Lemma dist_inf x : exists d, 0 <= d /\ (forall y, M y -> d <= sqnorm (hsub x y)) /\
  (forall e, 0 < e -> exists y, M y /\ sqnorm (hsub x y) < d + e).
Proof.
  destruct M_subspace as [M0 _].
  set (E := fun z : R => exists y, M y /\ z = - sqnorm (hsub x y)).
  assert (HB : bound E).
  { exists 0. intros z [y [_ ->]]. pose proof (sqnorm_ge0 (hsub x y)). lra. }
  destruct (completeness E HB (ex_intro _ _ (ex_intro _ hzero (conj M0 eq_refl))))
    as [sup [Hub Hlub]].
  exists (- sup). split; [| split].
  - assert (sup <= 0); [| lra]. apply Hlub. intros z [y [_ ->]].
    pose proof (sqnorm_ge0 (hsub x y)). lra.
  - intros y My. assert (Hy : E (- sqnorm (hsub x y))) by (exists y; auto).
    apply Hub in Hy. lra.
  - intros e He. apply NNPP. intro Hn.
    assert (is_upper_bound E (sup - e)).
    { intros z [y [My ->]]. apply Rnot_lt_le. intro. apply Hn. exists y. split; auto. lra. }
    apply Hlub in H. lra.
Qed.

Lemma minimizing_cauchy x (d : R) (ms : nat -> X) :
  (forall y, M y -> d <= sqnorm (hsub x y)) ->
  (forall n, M (ms n) /\ sqnorm (hsub x (ms n)) < d + / (INR n + 1)) -> cauchy ms.
Proof.
  destruct M_subspace as [_ [Madd Mscal]]. intros Hd Hms eps He.
  destruct (@eventually_inv_succ_lt (eps * eps / 4)) as [K HK]; [nra |].
  exists K. intros n k Hn Hk. apply hnorm_lt_of_sqnorm; [lra |].
  destruct (Hms n) as [Mn Hn']. destruct (Hms k) as [Mk Hk'].
  (* the midpoint of [ms k] and [ms n] lies in [M], hence is at distance at least [d] *)
  set (mid := hscal (mkCpx (1 / 2) 0) (hadd (ms k) (ms n))).
  assert (Hmid : hadd (hsub x (ms k)) (hsub x (ms n)) = hscal (mkCpx 2 0) (hsub x mid)).
  { unfold mid. rewrite <- hsub_hscal, hscal_assoc.
    replace (Cmul (mkCpx 2 0) (mkCpx (1 / 2) 0)) with Defs.C1 by (apply Cpx_ext; simpl; field).
    rewrite hscal_1, <- hsub_hadd. f_equal. rewrite <- (hscal_1 _ x) at 1 2.
    rewrite <- hscal_distr_r. f_equal. apply Cpx_ext; simpl; field. }
  pose proof (parallelogram (hsub x (ms k)) (hsub x (ms n))) as Hp.
  rewrite hsub_subl, Hmid, sqnorm_hscal in Hp. simpl in Hp.
  pose proof (Hd mid (Mscal _ _ (Madd _ _ Mk Mn))).
  pose proof (HK n Hn). pose proof (HK k Hk). lra.
Qed.

Hypothesis M_closed : is_hclosed M.

Lemma nearest_point_exists x : exists m, M m /\
  forall y, M y -> sqnorm (hsub x m) <= sqnorm (hsub x y).
Proof.
  destruct (dist_inf x) as [d [_ [Hlow Happrox]]].
  assert (Hseq : forall n : nat, exists m, M m /\ sqnorm (hsub x m) < d + / (INR n + 1)).
  { intro n. apply Happrox, Rinv_0_lt_compat. pose proof (pos_INR n). lra. }
  destruct (choice _ Hseq) as [ms Hms].
  destruct (cauchy_conv (@minimizing_cauchy x d ms Hlow Hms)) as [m Hm].
  exists m. split.
  - eapply M_closed; [apply Hms | exact Hm].
  - intros y My. apply Rle_trans with d; [| exact (Hlow y My)].
    apply (conv_sqnorm_le (s := fun n => hsub x (ms n))); [| apply Hms].
    apply conv_sub; [apply conv_const | exact Hm].
Qed.

Lemma projection x : exists m, M m /\ forall y, M y -> ip (hsub x m) y = C0.
Proof.
  destruct (nearest_point_exists x) as [m [Mm Hmin]].
  exists m. split; [exact Mm | exact (nearest_point_orthogonal x Mm Hmin)].
Qed.

End Projection.

Section Relations.
Context {X : HilbertSpace}.
Implicit Types x y f g u v : X.
Implicit Types T S A : X * X -> Prop.
Implicit Types p q : X * X.

Definition conv2 (w : nat -> X * X) (l : X * X) := forall eps, eps > 0 ->
  exists N, forall n, (n >= N)%nat ->
    norm2 (hsub (fst (w n)) (fst l), hsub (snd (w n)) (snd l)) < eps.

Lemma conv2_fst_snd (w : nat -> X * X) l :
  conv2 w l -> conv (fun n => fst (w n)) (fst l) /\ conv (fun n => snd (w n)) (snd l).
Proof.
  intro H. unfold norm2, ip2 in H. simpl in H.
  split; intros eps He; destruct (H eps He) as [K HK]; exists K; intros n Hn;
    specialize (HK n Hn); refine (Rle_lt_trans _ _ _ (sqrt_le_1_alt _ _ _) HK); simpl.
  - pose proof (sqnorm_ge0 (hsub (snd (w n)) (snd l))). unfold sqnorm in *. lra.
  - pose proof (sqnorm_ge0 (hsub (fst (w n)) (fst l))). unfold sqnorm in *. lra.
Qed.

Lemma conv2_pair (w : nat -> X * X) l :
  conv (fun n => fst (w n)) (fst l) -> conv (fun n => snd (w n)) (snd l) -> conv2 w l.
Proof.
  intros H1 H2 eps He.
  destruct (H1 (eps / 2)) as [K1 HK1]; [lra |]. destruct (H2 (eps / 2)) as [K2 HK2]; [lra |].
  exists (K1 + K2)%nat. intros n Hn.
  specialize (HK1 n ltac:(lia)). specialize (HK2 n ltac:(lia)).
  set (a := hsub (fst (w n)) (fst l)) in *. set (b := hsub (snd (w n)) (snd l)) in *.
  apply Rle_lt_trans with (hnorm a + hnorm b); [| lra].
  pose proof (hnorm_ge0 a). pose proof (hnorm_ge0 b).
  pose proof (hnorm_sq a). pose proof (hnorm_sq b).
  unfold norm2, ip2. rewrite <- (sqrt_square (hnorm a + hnorm b)) by lra.
  apply sqrt_le_1_alt. simpl. unfold sqnorm in *. nra.
Qed.

Lemma adjoint_closed T : is_closed2 (adjoint T).
Proof.
  intros w l Hw Hc. destruct (conv2_fst_snd Hc) as [H1 H2].
  intros p Hp. eapply conv_ip_eq; [exact H2 | exact H1 |]. intro n. exact (Hw n p Hp).
Qed.

Lemma self_adjoint_closed T : self_adjoint T -> is_closed2 T.
Proof.
  intros H w l Hw Hc. apply H. apply (adjoint_closed (T := T) w l); [| exact Hc].
  intro n. apply H, Hw.
Qed.

Lemma self_adjoint_hermitian T : self_adjoint T -> hermitian T.
Proof. intros H p. apply H. Qed.

Lemma subspace_hsub T p q : is_linear_subspace T -> T p -> T q ->
  T (hsub (fst p) (fst q), hsub (snd p) (snd q)).
Proof.
  intros [_ [Tadd Tscal]] Hp Hq. pose proof (Tadd _ _ Hp (Tscal Cm1 _ Hq)) as H. simpl in H.
  rewrite !hscal_m1 in H. exact H.
Qed.

Definition fiber0 T : X -> Prop := fun g => T (hzero, g).

Lemma fiber0_subspace T : is_linear_subspace T -> is_hsubspace (fiber0 T).
Proof.
  intros [T0 [Tadd Tscal]]. unfold fiber0. split; [exact T0 | split].
  - intros x y Hx Hy. pose proof (Tadd _ _ Hx Hy) as H. simpl in H.
    rewrite hadd_0 in H. exact H.
  - intros a x Hx. pose proof (Tscal a _ Hx) as H. simpl in H.
    rewrite hscal_hzero in H. exact H.
Qed.

Lemma fiber0_closed T : is_closed2 T -> is_hclosed (fiber0 T).
Proof.
  intros Tc s l Hs Hc. apply (Tc (fun n => (hzero, s n)) (hzero, l)); [exact Hs |].
  apply conv2_pair; simpl; [apply conv_const | exact Hc].
Qed.

Lemma T_s_orth T {x u} g : T_s T (x, u) -> T (hzero, g) -> ip u g = C0.
Proof.
  intros [_ H] Hg. specialize (H (hzero, g) (conj eq_refl Hg)). unfold ip2 in H; simpl in H.
  rewrite ip_hzero_r in H. rewrite <- H. cpx.
Qed.

(* [u] is the component of [f] orthogonal to the closed subspace [T(0)] *)
Lemma T_s_decompose T {x f} : is_linear_subspace T -> is_closed2 T -> T (x, f) ->
  exists u, T_s T (x, u) /\ T (hzero, hsub f u).
Proof.
  intros Tl Tc Hf.
  destruct (projection (fiber0_subspace Tl) (fiber0_closed Tc) f) as [m [Hm Hort]].
  exists (hsub f m). rewrite hsub_subKr. split; [split | exact Hm].
  - pose proof (subspace_hsub (x, f) (hzero, m) Tl Hf Hm) as H. simpl in H.
    rewrite hsub_hzero in H. exact H.
  - intros [q1 q2] [Hq1 Hq2]. simpl in Hq1. subst q1. unfold ip2; simpl.
    rewrite ip_hzero_r, (Hort q2 Hq2). cpx.
Qed.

» TASK DESCRIPTION
Would you copy, word for word, only the lines from the start of the listing to the one that contains "exists 0. intros", both included?

» ANSWER TO THIS EXERCISE
Lemma dist_inf x : exists d, 0 <= d /\ (forall y, M y -> d <= sqnorm (hsub x y)) /\
  (forall e, 0 < e -> exists y, M y /\ sqnorm (hsub x y) < d + e).
Proof.
  destruct M_subspace as [M0 _].
  set (E := fun z : R => exists y, M y /\ z = - sqnorm (hsub x y)).
  assert (HB : bound E).
  { exists 0. intros z [y [_ ->]]. pose proof (sqnorm_ge0 (hsub x y)). lra. }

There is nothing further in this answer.